Verlieren Parteien Wahlen und erhalten sie dauerhaft schlechte Umfragewerte, kommt es zu Flügelkämpfen. In diesen wird die Forderung laut, man müsse eine Werte-Debatte führen. Zurzeit beobachten wir das in der Union. Erika Steinbachs Abstieg gilt als Beispiel dafür, dass die CDU ihren »konservativen Flügel« zu verlieren drohe. Was ist damit gemeint?

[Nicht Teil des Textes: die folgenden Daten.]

(* Let $d\ge1$ be fixed, let $P$ be a set of $n\ge2$ points in $\mathbb{R}^d$ with spread $\Phi$, and let $\varepsilon\in(0,1/2)$. Let $p_1,\dots,p_n$ be a greedy permutation of $P$ with radii $r_1\ge r_2\ge\cdots$, let $F_i$ be the friend lists, and let $G=(P,E)$ be the directed graph with $E=\{p_j\to p_i : p_j\in F_i,\ i=1,\dots,n\}$, as defined in the context. Then for every query point $q\in\mathbb{R}^d$, the greedy routing procedure described in the context (starting from $p_1$) returns a point $p\in P$ with $d(q,p)\le(1+\varepsilon)\min_{p'\in P}d(q,p')$, and the query time is $O(\varepsilon^{-d-1}\log^2\Phi)$.
   Context: Distances are Euclidean. The spread $\Phi$ of $P$ is the ratio of the largest to the smallest pairwise distance in $P$. Greedy permutation: $p_1\in P$ is arbitrary; for $i\ge2$, $p_i$ is a point of $P\setminus P_{i-1}$ furthest from $P_{i-1}=\{p_1,\dots,p_{i-1}\}$, i.e., maximizing $d(p,P_{i-1})=\min_{x\in P_{i-1}}d(p,x)$. The radii are $r_1=\max_{p\in P}d(p,p_1)$ and, for $i\ge2$, $r_{i-1}=d(p_i,P_{i-1})$. The friend list of $p_i$ ($i\ge2$) is $F_i=P_{i-1}\cap\{x: d(x,p_i)\le 8r_{i-1}/\varepsilon\}$, and $F_1=\emptyset$. In $G$ the outgoing edges of each vertex are stored sorted by increasing index of the destination. Greedy routing for $q$: set the current vertex $c=p_1$; scan the outgoing edges $c\to p_j$ of $c$ in increasing order of $j$, and as soon as an edge with $d(q,p_j)\le(1-\varepsilon/4)d(q,c)$ is found, set $c=p_j$ and restart scanning the outgoing edges of the new $c$; when all outgoing edges of $c$ are scanned without such a move, return $c$. The constants in the $O(\cdot)$ notation depend only on $d$. *)

From HB Require Import structures.
From mathcomp Require Import all_boot all_order all_algebra.
From mathcomp Require Import reals exp.
Set Implicit Arguments. Unset Strict Implicit. Unset Printing Implicit Defensive.
Import Order.TTheory GRing.Theory Num.Theory.
Local Open Scope ring_scope.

Wie schon der Name zeigt, ist »Konservativismus« ein defensiver Begriff. Es soll etwas gesichert werden, das durch die Zeitläufte bedroht sei. Diese Haltung entstand in der französischen Revolution. Der Feind war der Fortschritt, definiert durch Freiheit, Gleichheit, Brüderlichkeit. Die drei Gegenbegriffe waren – gemäß einer treffenden Charakterisierung durch Ernst Nolte – Ordnung, Differenz, Distanz.

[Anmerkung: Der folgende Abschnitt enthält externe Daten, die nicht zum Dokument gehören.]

Lemma poly_nat_eq0 (p : {poly K}) : (forall k : nat, p.[k%:R] = 0) -> p = 0.
Proof.
move=> p_nat0; apply/eqP/negPn/negP => p_neq0.
set rs := [seq i%:R | i <- iota 0 (size p)] : seq K.
have rs_roots : all (root p) rs by apply/allP => x /mapP [i _ ->]; apply/rootP.
have rs_uniq : uniq rs.
  by rewrite map_inj_uniq ?iota_uniq // => i j /eqP; rewrite eqr_nat => /eqP.
by have := max_poly_roots p_neq0 rs_roots rs_uniq; rewrite size_map size_iota ltnn.
Qed.

Lemma poly_nat_inj (p q : {poly K}) :
  (forall k : nat, p.[k%:R] = q.[k%:R]) -> p = q.
Proof.
move=> pq_nat; apply/eqP; rewrite -subr_eq0; apply/eqP/poly_nat_eq0 => k.
by rewrite hornerD hornerN pq_nat subrr.
Qed.

Lemma sum_nat_powers_eq0 (J : nat) (e : nat -> K) :
  (forall k : nat, \sum_(j < J) e j * k%:R ^+ j = 0) ->
  forall j, (j < J)%N -> e j = 0.
Proof.
move=> sum0 j ltjJ.
have p0 : \poly_(i < J) e i = 0 by apply: poly_nat_eq0 => k; rewrite horner_poly sum0.
by have := congr1 (fun q : {poly K} => q`_j) p0; rewrite coef_poly ltjJ coef0.
Qed.

Lemma sum_nat_powers_mx_eq0 a b (J : nat) (e : nat -> 'M[K]_(a, b)) :
  (forall k : nat, \sum_(j < J) k%:R ^+ j *: e j = 0) ->
  forall j, (j < J)%N -> e j = 0.
Proof.
move=> sum0 j ltjJ; apply/matrixP => r c; rewrite mxE.
apply: (@sum_nat_powers_eq0 J (fun j => e j r c)) => // k.
have := congr1 (fun A : 'M[K]_(a, b) => A r c) (sum0 k).
rewrite /= summxE mxE => E; rewrite -[RHS]E; apply: eq_bigr => i _; by rewrite mxE mulrC.
Qed.

End PolyNat.

Lemma big_ord_trunc (V : zmodType) (m1 m2 : nat) (F : nat -> V) :
  (forall j, (m1 <= j)%N -> F j = 0) -> (m1 <= m2)%N ->
  \sum_(j < m2) F j = \sum_(j < m1) F j.
Proof.
move=> F0 le12; rewrite [RHS](big_ord_widen m2 F le12) [RHS]big_mkcond /=.
by apply: eq_bigr => j _; case: ifP => // /negbT; rewrite -leqNgt => /F0 ->.
Qed.

Section BinomialPoly.
Variable K : numFieldType.

Definition binpoly (j : nat) : {poly K} :=
  (j`!%:R)^-1 *: \prod_(i < j) ('X - (i%:R)%:P).

Lemma binpoly_nat j k : (binpoly j).[k%:R] = 'C(k, j)%:R.
Proof.
rewrite /binpoly hornerZ horner_prod.
under eq_bigr do rewrite hornerXsubC.
have -> : \prod_(i < j) ((k%:R : K) - i%:R) = (k ^_ j)%:R.
  elim: j => [|j IH]; first by rewrite big_ord0 ffactn0.
  rewrite big_ord_recr /= IH ffactnSr natrM.
  by case: (leqP j k) => [lejk|ltkj]; [rewrite natrB | rewrite ffact_small // !mul0r].
have fact_neq0 : (j`!%:R : K) != 0 by rewrite pnatr_eq0 -lt0n fact_gt0.
by rewrite -bin_ffact natrM mulrC mulfK.
Qed.

Lemma binpoly1_coef1 : (binpoly 1)`_1 = 1.
Proof.
rewrite /binpoly big_ord1 coefZ coefB coefX coefC /= subr0 mulr1.
by rewrite (_ : 1`!%:R = 1 :> K) // invr1.
Qed.

End BinomialPoly.

Lemma eq_mx_on_cV (K : fieldType) m N (A B : 'M[K]_(m, N)) :
  (forall x : 'cV[K]_N, A *m x = B *m x) -> A = B.
Proof.
move=> AB; apply/matrixP => i j; have := AB (delta_mx j 0); rewrite -!colE.
by move/(congr1 (fun C : 'M[K]_(m, 1) => C i 0)); rewrite !mxE.
Qed.

Lemma nilpotent_eigenvalue0 (K : fieldType) N (A : 'M[K]_N.+1) (u : 'rV[K]_N.+1) lam J :
  A ^+ J = 0 -> u != 0 -> u *m A = lam *: u -> lam = 0.
Proof.
move=> AJ0 u_neq0 uA.
have uAk k : u *m A ^+ k = lam ^+ k *: u.
  elim: k => [|k IH]; first by rewrite !expr0 mulmx1 scale1r.
  by rewrite exprSr -mulmxE mulmxA IH -scalemxAl uA scalerA exprSr.
move: (uAk J); rewrite AJ0 mulmx0 => /esym/eqP.
by rewrite scaler_eq0 (negbTE u_neq0) orbF expf_eq0 => /andP [_ /eqP].
Qed.

Section MatrixExp.
Variables (K : numFieldType) (N : nat).
Implicit Types (A D : 'M[K]_N.+1) (s c : K).

Definition expmx D (J : nat) s : 'M[K]_N.+1 :=
  \sum_(j < J) s ^+ j *: ((j`!%:R)^-1 *: D ^+ j).

Lemma mulmx_expmx a b (A : 'M[K]_(a, N.+1)) (B : 'M[K]_(N.+1, b)) D J s :
  A *m expmx D J s *m B =
  \sum_(j < J) s ^+ j *: ((j`!%:R)^-1 *: (A *m D ^+ j *m B)).
Proof.
rewrite /expmx mulmx_sumr mulmx_suml; apply: eq_bigr => j _.
by rewrite -!scalemxAr -!scalemxAl.
Qed.

Lemma expmx_sqr0 D J s : D *m D = 0 -> expmx D J.+2 s = 1%:M + s *: D.
Proof.
move=> DD0; rewrite /expmx 2!big_ord_recl big1 ?addr0 => [|j _].
  by rewrite /= !expr0 !expr1 fact0 invr1 !scale1r.
rewrite (_ : (lift ord0 (lift ord0 j) : nat) = j.+2) //.
have -> : D ^+ j.+2 = D ^+ j *m (D *m D) by rewrite !exprSr !mulmxE mulrA.
by rewrite DD0 mulmx0 !scaler0.
Qed.

Lemma mulmx_expmx_ker (u : 'rV[K]_N.+1) D J s :
  u *m D = 0 -> u *m expmx D J.+1 s = u.
Proof.
move=> uD0; rewrite -[u *m _]mulmx1 mulmx_expmx big_ord_recl big1 ?addr0 => [|j _].
  by rewrite !expr0 fact0 invr1 !scale1r !mulmx1.
rewrite (_ : (lift ord0 j : nat) = j.+1) //.
have -> : D ^+ j.+1 = D *m D ^+ j by rewrite exprS mulmxE.
by rewrite mulmxA uD0 !mul0mx !scaler0.
Qed.

Lemma expmx1_sub1_nilpotent D J :
  D ^+ J = 0 -> (expmx D J.+1 1 - 1%:M) ^+ J = 0.
Proof.
move=> DJ0; set U := \sum_(j < J) ((j.+1)`!%:R)^-1 *: D ^+ j.
have -> : expmx D J.+1 1 - 1%:M = D * U.
  rewrite /expmx big_ord_recl !expr0 fact0 invr1 !scale1r addrAC subrr add0r.
  rewrite mulr_sumr; apply: eq_bigr => j _.
  by rewrite expr1n scale1r -scalerAr -exprS.
have DU : GRing.comm D U.
  rewrite /GRing.comm mulr_sumr mulr_suml; apply: eq_bigr => j _.
  by rewrite -scalerAr -scalerAl -exprS exprSr.
by rewrite exprMn_comm // DJ0 mul0r.
Qed.

(* The two lowest-order terms of [D^k (expmx D) x = c D^k x], taken at the
   largest k with [D^k x <> 0], force [D^k x = 0]. *)
Lemma expmx_eigenvector D J (x : 'cV[K]_N.+1) c :
  D ^+ J.+2 = 0 -> expmx D J.+2 1 *m x = c *: x -> D *m x = 0.
Proof.
move=> DJ0 Ex.
pose y k := D ^+ k *m x.
have y_large k : (J.+2 <= k)%N -> y k = 0.
  by move=> leJk; rewrite /y -(subnK leJk) exprD DJ0 mulr0 mul0mx.
have Ey k : \sum_(j < J.+2) (j`!%:R)^-1 *: y (j + k)%N = c *: y k.
  have := congr1 (mulmx (D ^+ k)) Ex; rewrite mulmxA mulmx_expmx scalemxAr => <-.
  apply: eq_bigr => j _; rewrite expr1n scale1r /y.
  by rewrite mulmxE -exprD addnC.
have y_desc d k : (0 < k)%N -> (J.+2 <= k + d)%N -> y k = 0.
  elim: d k => [|d IH] k k_gt0 lekd; first by apply: y_large; rewrite addn0 in lekd.
  have y_above k' : (k < k')%N -> y k' = 0.
    move=> ltkk'; apply: IH; first exact: leq_trans k_gt0 (ltnW ltkk').
    by apply: leq_trans lekd _; rewrite addnS -addSn leq_add2r.
  have Ek := Ey k; rewrite 2!big_ord_recl big1 /= in Ek; last first.
    by move=> j _; rewrite y_above ?scaler0 // /bump /=; lia.
  rewrite /bump /= add0n add1n (y_above k.+1 (ltnSn k)) scaler0 !addr0 in Ek.
  rewrite fact0 invr1 scale1r in Ek.
  have Ek1 := Ey k.-1; rewrite 2!big_ord_recl big1 /= in Ek1; last first.
    by move=> j _; rewrite y_above ?scaler0 // /bump /=; lia.
  rewrite /bump /= add0n addn0 add1n prednK // fact0 invr1 !scale1r addr0 in Ek1.
  have [c1|cn1] := eqVneq c 1.
    by move: Ek1; rewrite c1 scale1r -{2}[y k.-1]addr0 => /addrI.
  have : (1 - c) *: y k = 0 by rewrite scalerBl scale1r -{1}Ek subrr.
  by move/eqP; rewrite scaler_eq0 subr_eq0 eq_sym (negbTE cn1) => /eqP.
by have := y_desc J.+2 1%N isT; rewrite add1n /y expr1 => ->.
Qed.

End MatrixExp.

Section PolyMxHom.
Variables (K : numFieldType) (N : nat).
Implicit Types (p : 'I_N.+1 -> 'I_N.+1 -> {poly K}).

Definition polymx p (s : K) : 'M[K]_N.+1 := \matrix_(i, l) (p i l).[s].
Definition coefmx p (a : nat) : 'M[K]_N.+1 := \matrix_(i, l) (p i l)`_a.

Variable p : 'I_N.+1 -> 'I_N.+1 -> {poly K}.
Hypothesis polymxD : forall s s', polymx p s *m polymx p s' = polymx p (s + s').
Hypothesis polymx0 : polymx p 0 = 1%:M.

Lemma horner_deriv_polymx s i l :
  \sum_r (p i r).[s] * (p r l)`_1 = (p i l)^`().[s].
Proof.
have shift : \sum_r (p i r).[s] *: p r l = p i l \Po ('X + s%:P).
  apply: poly_nat_inj => k; rewrite horner_comp !hornerE addrC.
  have := congr1 (fun A : 'M[K]_N.+1 => A i l) (polymxD s k%:R).
  rewrite /= !mxE => <-; rewrite horner_sum; apply: eq_bigr => r _.
  by rewrite hornerZ !mxE.
have coef1E (q : {poly K}) : q`_1 = q^`().[0].
  by rewrite horner_coef0 coef_deriv mulr1n.
have := congr1 (fun q : {poly K} => q`_1) shift; rewrite coef_sum.
under eq_bigr do rewrite coefZ.
move=> ->; rewrite coef1E deriv_comp derivD derivX derivC addr0 mulr1 horner_comp.
by rewrite !hornerE.
Qed.

Lemma coefmxS a : coefmx p a *m coefmx p 1 = a.+1%:R *: coefmx p a.+1.
Proof.
apply/matrixP => i l; rewrite !mxE.
have deriv_sum : \sum_r (p r l)`_1 *: p i r = (p i l)^`().
  apply: poly_nat_inj => k; rewrite -horner_deriv_polymx horner_sum.
  by apply: eq_bigr => r _; rewrite hornerZ mulrC.
have := congr1 (fun q : {poly K} => q`_a) deriv_sum.
rewrite coef_sum coef_deriv mulr_natl => <-.
by apply: eq_bigr => r _; rewrite coefZ !mxE mulrC.
Qed.

Lemma coefmx0 : coefmx p 0 = 1%:M.
Proof. by rewrite -polymx0; apply/matrixP => i l; rewrite !mxE horner_coef0. Qed.

Lemma coefmxE a : coefmx p a = (a`!%:R)^-1 *: coefmx p 1 ^+ a.
Proof.
elim: a => [|a IH]; first by rewrite coefmx0 fact0 invr1 scale1r expr0.
have a1_neq0 : (a.+1%:R : K) != 0 by rewrite pnatr_eq0.
have -> : coefmx p a.+1 = (a.+1%:R)^-1 *: (coefmx p a *m coefmx p 1).
  by rewrite coefmxS scalerA mulVf // scale1r.
by rewrite IH -scalemxAl scalerA factS natrM invfM exprSr mulmxE.
Qed.

Variable J : nat.
Hypothesis size_p : forall i l, (size (p i l) <= J)%N.

Lemma coefmx1_nilpotent : coefmx p 1 ^+ J = 0.
Proof.
have coefJ0 : coefmx p J = 0 by apply/matrixP => i l; rewrite !mxE nth_default.
move: (coefmxE J); rewrite coefJ0 => /esym/eqP; rewrite scaler_eq0 invr_eq0.
by rewrite pnatr_eq0 (negbTE (lt0n_neq0 (fact_gt0 J))) => /eqP.
Qed.

Lemma polymx_expmx s : polymx p s = expmx (coefmx p 1) J s.
Proof.
apply/matrixP => i l; rewrite !mxE summxE (horner_coef_wide _ (size_p i l)).
by apply: eq_bigr => j _; rewrite -coefmxE !mxE mulrC.
Qed.

End PolyMxHom.

Section MpolyLine.
Variables (K : numFieldType) (M : nat).
Implicit Types (Q : {mpoly K[M]}) (c : 'I_M -> K).

Definition mpoly_line Q c : {poly K} :=
  \sum_(m <- msupp Q) (Q@_m * \prod_k c k ^+ m k) *: 'X^(mdeg m).

Lemma horner_mpoly_line Q c s : (mpoly_line Q c).[s] = Q.@[fun k => s * c k].
Proof.
rewrite mevalE /mpoly_line horner_sum; apply: eq_bigr => m _.
rewrite hornerZ hornerXn -mulrA; congr (_ * _).
under [RHS]eq_bigr do rewrite exprMn.
by rewrite big_split /= prodrXr -mdegE mulrC.
Qed.

Lemma mcoeff_msupp_sum Q (m' : 'X_{1..M}) :
  Q@_m' = \sum_(m <- msupp Q) Q@_m * (m == m')%:R.
Proof.
rewrite {1}(mpolyE Q) raddf_sum /=; apply: eq_bigr => m _.
by rewrite mcoeffZ mcoeffX.
Qed.

Lemma prod_expr0n (m : 'X_{1..M}) : \prod_(i < M) (0 : K) ^+ m i = (m == 0%MM)%:R.
Proof.
have [->|m_neq0] := eqVneq m 0%MM.
  by rewrite big1 // => i _; rewrite mnm0E expr0.
have [i mi_neq0] : exists i, m i != 0%N.
  apply/existsP; apply: contraR m_neq0; rewrite negb_exists => /forallP m0.
  by apply/eqP/mnmP => i; rewrite mnm0E; have := m0 i; rewrite negbK => /eqP.
by rewrite (bigD1 i) //= expr0n (negbTE mi_neq0) mul0r.
Qed.

Lemma meval0_mcoeff Q : Q.@[fun _ => 0] = Q@_0%MM.
Proof.
by rewrite mevalE mcoeff_msupp_sum; apply: eq_bigr => m _; rewrite prod_expr0n.
Qed.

Die Ordnung antwortete auf die Freiheit, die Differenz auf die Gleichheit, die Distanz auf die Brüderlichkeit.

Der historische Konservatismus war als Opposition stark in Perioden seiner machtpolitischen Schwäche: Wenn der »Zeitgeist« – auch er gehörte zu den Feindbildern – angeblich Gleichmacherei, den Sieg der Masse (noch ein Übel, das zu bekämpfen war) und Chaos hervorbrachte, waren die Distinguierten leicht identifizierbar.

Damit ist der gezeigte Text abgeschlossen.